= TASK STATEMENT =
The first line of the entries through the line bearing "forall x, set_meet (set_sum N1": copy these lines exactly and return nothing else.

== Segment start ==

Definition set_sum (M : zmodType) (I J : M -> Prop) : M -> Prop :=
  fun x => exists i j, [/\ I i, J j & x = i + j].
Definition set_meet (T : Type) (I J : T -> Prop) : T -> Prop :=
  fun x => I x /\ J x.

Definition is_ideal (R : comNzRingType) (I : R -> Prop) : Prop :=
  [/\ I 0, (forall x y, I x -> I y -> I (x + y)) & (forall r x, I x -> I (r * x))].

Definition arithmetical (R : comNzRingType) : Prop :=
  forall I J K : R -> Prop, is_ideal I -> is_ideal J -> is_ideal K ->
    forall x, set_meet (set_sum I J) K x <-> set_sum (set_meet I K) (set_meet J K) x.

Definition is_submodule (A : pzRingType) (M : lmodType A) (N : M -> Prop) : Prop :=
  [/\ N 0, (forall x y, N x -> N y -> N (x + y)) & (forall (a : A) x, N x -> N (a *: x))].

Definition distributive_submodules (A : pzRingType) (M : lmodType A) : Prop :=
  forall N1 N2 N3 : M -> Prop,
    is_submodule N1 -> is_submodule N2 -> is_submodule N3 ->
    forall x, set_meet (set_sum N1 N2) N3 x <-> set_sum (set_meet N1 N3) (set_meet N2 N3) x.

Definition is_prime_ideal (R : comNzRingType) (P : R -> Prop) : Prop :=
  [/\ is_ideal P, ~ P 1 & forall a b, P (a * b) -> P a \/ P b].

Definition is_maximal_ideal (R : comNzRingType) (P : R -> Prop) : Prop :=
  [/\ is_ideal P, ~ P 1 &
      forall I, is_ideal I -> (forall x, P x -> I x) -> (forall x, I x -> P x) \/ I 1].

(* Integral domain (the ring is non-trivial by its type). *)
Definition is_domain (R : comNzRingType) : Prop :=
  forall x y : R, x * y = 0 -> x = 0 \/ y = 0.

(* Localization at a prime P (S = A \ P), given by its standard        *)
(* characterization (Atiyah–Macdonald): phi : A -> B is (isomorphic to)*)
(* the canonical map A -> A_P iff                                      *)
Definition is_localization_at (A B : comNzRingType) (P : A -> Prop)
    (phi : {rmorphism A -> B}) : Prop :=
  [/\ forall s, ~ P s -> exists u, phi s * u = 1,
      forall b : B, exists a s, ~ P s /\ b * phi s = phi a &
      forall a, phi a = 0 -> exists s, ~ P s /\ s * a = 0].

(* psi : E -> M exhibits the B-module M as (isomorphic to) E_P = E ⊗ A_P,
   where phi : A -> B is a localization of A at P. *)
Definition is_module_localization (A B : comNzRingType) (P : A -> Prop)
    (phi : {rmorphism A -> B}) (E : lmodType A) (M : lmodType B) (psi : E -> M) : Prop :=
  [/\ forall x y, psi (x + y) = psi x + psi y,
      forall (a : A) (e : E), psi (a *: e) = phi a *: psi e,
      forall m : M, exists e s, ~ P s /\ phi s *: m = psi e &
      forall e, psi e = 0 -> exists s, ~ P s /\ s *: e = 0].

Definition localization_is_domain (A : comNzRingType) (P : A -> Prop) : Prop :=
  forall (B : comNzRingType) (phi : {rmorphism A -> B}),
    is_localization_at P phi -> is_domain B.

Definition in_supp (A : comNzRingType) (E : lmodType A) (P : A -> Prop) : Prop :=
  is_prime_ideal P /\
  forall (B : comNzRingType) (phi : {rmorphism A -> B}), is_localization_at P phi ->
  forall (M : lmodType B) (psi : E -> M), @is_module_localization A B P phi E M psi ->
    exists m : M, m != 0.

Definition finitely_presented (B : comNzRingType) (F : lmodType B) : Prop :=
  exists (n m : nat) (f : {linear 'rV[B]_n -> F}) (g : {linear 'rV[B]_m -> 'rV[B]_n}),
    (forall y : F, exists v, f v = y) /\
    (forall v, f v = 0 <-> exists w, v = g w).

(* Ext^1_B(F, M) = 0, via Yoneda: every short exact sequence
   0 -> M --i--> X --p--> F -> 0 of B-modules splits. *)
Definition Ext1_vanishes (B : comNzRingType) (F M : lmodType B) : Prop :=
  forall (X : lmodType B) (i : {linear M -> X}) (p : {linear X -> F}),
    injective i -> (forall y : F, exists x, p x = y) ->
    (forall x, p x = 0 <-> exists m, x = i m) ->
    exists r : {linear X -> M}, forall m, r (i m) = m.

Definition FP_injective (B : comNzRingType) (M : lmodType B) : Prop :=
  forall F : lmodType B, finitely_presented F -> Ext1_vanishes F M.

Definition locally_FP_injective (A : comNzRingType) (E : lmodType A) : Prop :=
  forall P : A -> Prop, is_maximal_ideal P ->
  forall (B : comNzRingType) (phi : {rmorphism A -> B}), is_localization_at P phi ->
  forall (M : lmodType B) (psi : E -> M), @is_module_localization A B P phi E M psi ->
    FP_injective M.

(* By Jensen's criterion, the lattice of submodules of a module is
   distributive iff any two elements [x, y] admit [a] with [a x] a multiple of
   [y] and [(1 - a) y] a multiple of [x]; at a prime [P] this says that [x] and
   [y] are comparable under divisibility up to an element outside [P].

   For [R = A ⋉ E], Jensen's condition on the pairs [(a, 0), (b, 0)],
   [(0, e), (0, f)] and [(a, 0), (0, e)] says that [A] and [E] are distributive
   and that [c a = 0], [(1 - c) e ∈ a E] for some [c].  At a prime of [Supp E]
   the last property makes [A_P] a domain; at a maximal ideal it makes [E_P]
   divisible by the nonzero elements of the chain ring [A_P], and a consistent
   linear system over a chain ring with coefficients in such a module is solved
   by Gaussian elimination, pivoting on a coefficient that divides its column:
   this is FP-injectivity.

   Conversely, FP-injectivity of [E_P] splits the pushout of
   [0 -> A_P --d--> A_P -> A_P/dA_P -> 0] along [1 |-> m], so [E_P] is
   divisible by each nonzero [d] of the domain [A_P]; with the chain conditions on [A_P] and
   [E_P] this makes any two elements of [R_P] comparable, and comparability at
   every maximal ideal yields Jensen's condition for [R]. *)

From HB Require Import structures.
From mathcomp Require Import all_boot all_order all_algebra.
From mathcomp Require Import boolp ring.
From mathcomp Require classical_sets.
Set Implicit Arguments. Unset Strict Implicit. Unset Printing Implicit Defensive.
Import GRing.Theory.
Local Open Scope ring_scope.

Section TrivExtEmbeddings.
Variables (A : comNzRingType) (V : lmodType A).

Definition te_vec (v : V) : triv_ext V := (0, v).
Definition te_scal (a : A) : triv_ext V := (a, 0).

Lemma te_vec_inj : injective te_vec. Proof. by move=> x y []. Qed.

Lemma te_vec_is_zmod : zmod_morphism te_vec.
Proof. by move=> x y; congr pair; rewrite subr0. Qed.
HB.instance Definition _ := GRing.isZmodMorphism.Build V (triv_ext V) te_vec te_vec_is_zmod.

Lemma te_scal_is_zmod : zmod_morphism te_scal.
Proof. by move=> x y; congr pair; rewrite subr0. Qed.
HB.instance Definition _ := GRing.isZmodMorphism.Build A (triv_ext V) te_scal te_scal_is_zmod.

Lemma te_scal_is_monoid : monoid_morphism te_scal.
Proof. by split=> // x y; congr pair; rewrite /= !scaler0 addr0. Qed.
HB.instance Definition _ :=
  GRing.isMonoidMorphism.Build A (triv_ext V) te_scal te_scal_is_monoid.

Lemma te_vecZ a v : te_vec (a *: v) = te_scal a * te_vec v.
Proof. by congr pair; rewrite /= ?mulr0 // scale0r addr0. Qed.

Lemma te_vecD x y : te_vec (x + y) = te_vec x + te_vec y. Proof. exact: raddfD. Qed.
Lemma te_vecB x y : te_vec (x - y) = te_vec x - te_vec y. Proof. exact: raddfB. Qed.
Lemma te_vecN x : te_vec (- x) = - te_vec x. Proof. exact: raddfN. Qed.
Lemma te_vec0 : te_vec 0 = 0. Proof. exact: raddf0. Qed.
Lemma te_scalD x y : te_scal (x + y) = te_scal x + te_scal y. Proof. exact: raddfD. Qed.
Lemma te_scalB x y : te_scal (x - y) = te_scal x - te_scal y. Proof. exact: raddfB. Qed.
Lemma te_scalN x : te_scal (- x) = - te_scal x. Proof. exact: raddfN. Qed.
Lemma te_scal0 : te_scal 0 = 0. Proof. exact: raddf0. Qed.
Lemma te_scalM x y : te_scal (x * y) = te_scal x * te_scal y. Proof. exact: rmorphM. Qed.
Lemma te_scal1 : te_scal 1 = 1. Proof. exact: rmorph1. Qed.
End TrivExtEmbeddings.

(* An identity between vectors of a module over a commutative ring holds as
   soon as it holds in the ring A ⋉ V, where [ring] can decide it. *)
Ltac lmod_ring :=
  apply: te_vec_inj;
  rewrite ?(te_vecZ, te_vecD, te_vecB, te_vecN, te_vec0);
  rewrite ?(te_scalD, te_scalB, te_scalN, te_scal0, te_scalM, te_scal1); ring.


(* [pquot dom eqv retract] is the quotient of [dom] by the Prop-valued
   equivalence [eqv]; [retract] maps every element of [T] to an equivalent
   element of [dom]. *)
Section PropQuotient.
Variables (T : choiceType) (dom : T -> Prop) (eqv : T -> T -> Prop) (retract : T -> T).

Definition canon (x : T) : T := choose (fun y => `[< dom y /\ eqv x y >]) (retract x).
Definition pquot := {x : T | canon x == x}.

End PropQuotient.
HB.instance Definition _ T dom eqv retract := Choice.on (@pquot T dom eqv retract).

Section PropQuotientTheory.
Variables (T : choiceType) (dom : T -> Prop) (eqv : T -> T -> Prop) (retract : T -> T).

Record pquot_spec : Prop := PQuotSpec {
  eqv_sym : forall x y, eqv x y -> eqv y x;
  eqv_trans : forall x y z, eqv x y -> eqv y z -> eqv x z;
  retractP : forall x, dom (retract x) /\ eqv x (retract x) }.
Hypothesis Hq : pquot_spec.

Let canonP x : dom (canon dom eqv retract x) /\ eqv x (canon dom eqv retract x).
Proof.
apply/asboolP; apply: (@chooseP _ (fun y => `[< dom y /\ eqv x y >])).
by apply/asboolP; apply: (retractP Hq).
Qed.

Let canon_equiv x y : eqv x y -> canon dom eqv retract x = canon dom eqv retract y.
Proof.
move=> Exy; rewrite /canon.
have -> : (fun z => `[< dom z /\ eqv x z >]) = (fun z => `[< dom z /\ eqv y z >]).
  apply: funext => z; apply/asboolP/asboolP => -[dz Ez]; split => //.
    exact (eqv_trans Hq (eqv_sym Hq Exy) Ez).
  exact (eqv_trans Hq Exy Ez).
apply: choose_id; apply/asboolP; last exact: (retractP Hq y).
split; first exact: (retractP Hq x).1.
exact (eqv_trans Hq (eqv_sym Hq Exy) (retractP Hq x).2).
Qed.

Let canon_idem x : canon dom eqv retract (canon dom eqv retract x) = canon dom eqv retract x.
Proof. exact/esym/canon_equiv/(canonP x).2. Qed.

Definition ppi (x : T) : pquot dom eqv retract :=
  exist _ (canon dom eqv retract x) (introT eqP (canon_idem x)).

Lemma ppi_eq x y : ppi x = ppi y <-> eqv x y.
Proof.
split => [/(congr1 val) /= Ec | Exy]; last exact/val_inj/canon_equiv.
apply: (eqv_trans Hq) (canonP x).2 _; rewrite Ec; exact: (eqv_sym Hq) (canonP y).2.
Qed.

Lemma pquot_dom (q : pquot dom eqv retract) : dom (val q).
Proof. by case: q => x /= /eqP <-; apply: (canonP x).1. Qed.

Lemma ppi_val (q : pquot dom eqv retract) : ppi (val q) = q.
Proof. by apply: val_inj; case: q => x /= /eqP. Qed.

Lemma eqv_ppi x : eqv x (val (ppi x)).
Proof. exact: (canonP x).2. Qed.

Lemma ppi_ind (P : pquot dom eqv retract -> Prop) :
  (forall x, dom x -> P (ppi x)) -> forall q, P q.
Proof. by move=> HP q; rewrite -(ppi_val q); apply/HP/pquot_dom. Qed.

End PropQuotientTheory.

Arguments ppi_eq {T dom eqv retract} Hq x y.
Arguments eqv_ppi {T dom eqv retract} Hq x.
Arguments ppi_ind {T dom eqv retract} Hq P.

(** * Localization *)

Record multset (A : comNzRingType) := MultSet {
  multset_pred :> A -> Prop;
  multset1 : multset_pred 1;
  multsetM : forall a b, multset_pred a -> multset_pred b -> multset_pred (a * b);
  multset_neq0 : ~ multset_pred 0 }.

== Segment end ==

= WORKED SOLUTION =
Definition set_sum (M : zmodType) (I J : M -> Prop) : M -> Prop :=
  fun x => exists i j, [/\ I i, J j & x = i + j].
Definition set_meet (T : Type) (I J : T -> Prop) : T -> Prop :=
  fun x => I x /\ J x.

Definition is_ideal (R : comNzRingType) (I : R -> Prop) : Prop :=
  [/\ I 0, (forall x y, I x -> I y -> I (x + y)) & (forall r x, I x -> I (r * x))].

Definition arithmetical (R : comNzRingType) : Prop :=
  forall I J K : R -> Prop, is_ideal I -> is_ideal J -> is_ideal K ->
    forall x, set_meet (set_sum I J) K x <-> set_sum (set_meet I K) (set_meet J K) x.

Definition is_submodule (A : pzRingType) (M : lmodType A) (N : M -> Prop) : Prop :=
  [/\ N 0, (forall x y, N x -> N y -> N (x + y)) & (forall (a : A) x, N x -> N (a *: x))].

Definition distributive_submodules (A : pzRingType) (M : lmodType A) : Prop :=
  forall N1 N2 N3 : M -> Prop,
    is_submodule N1 -> is_submodule N2 -> is_submodule N3 ->
    forall x, set_meet (set_sum N1 N2) N3 x <-> set_sum (set_meet N1 N3) (set_meet N2 N3) x.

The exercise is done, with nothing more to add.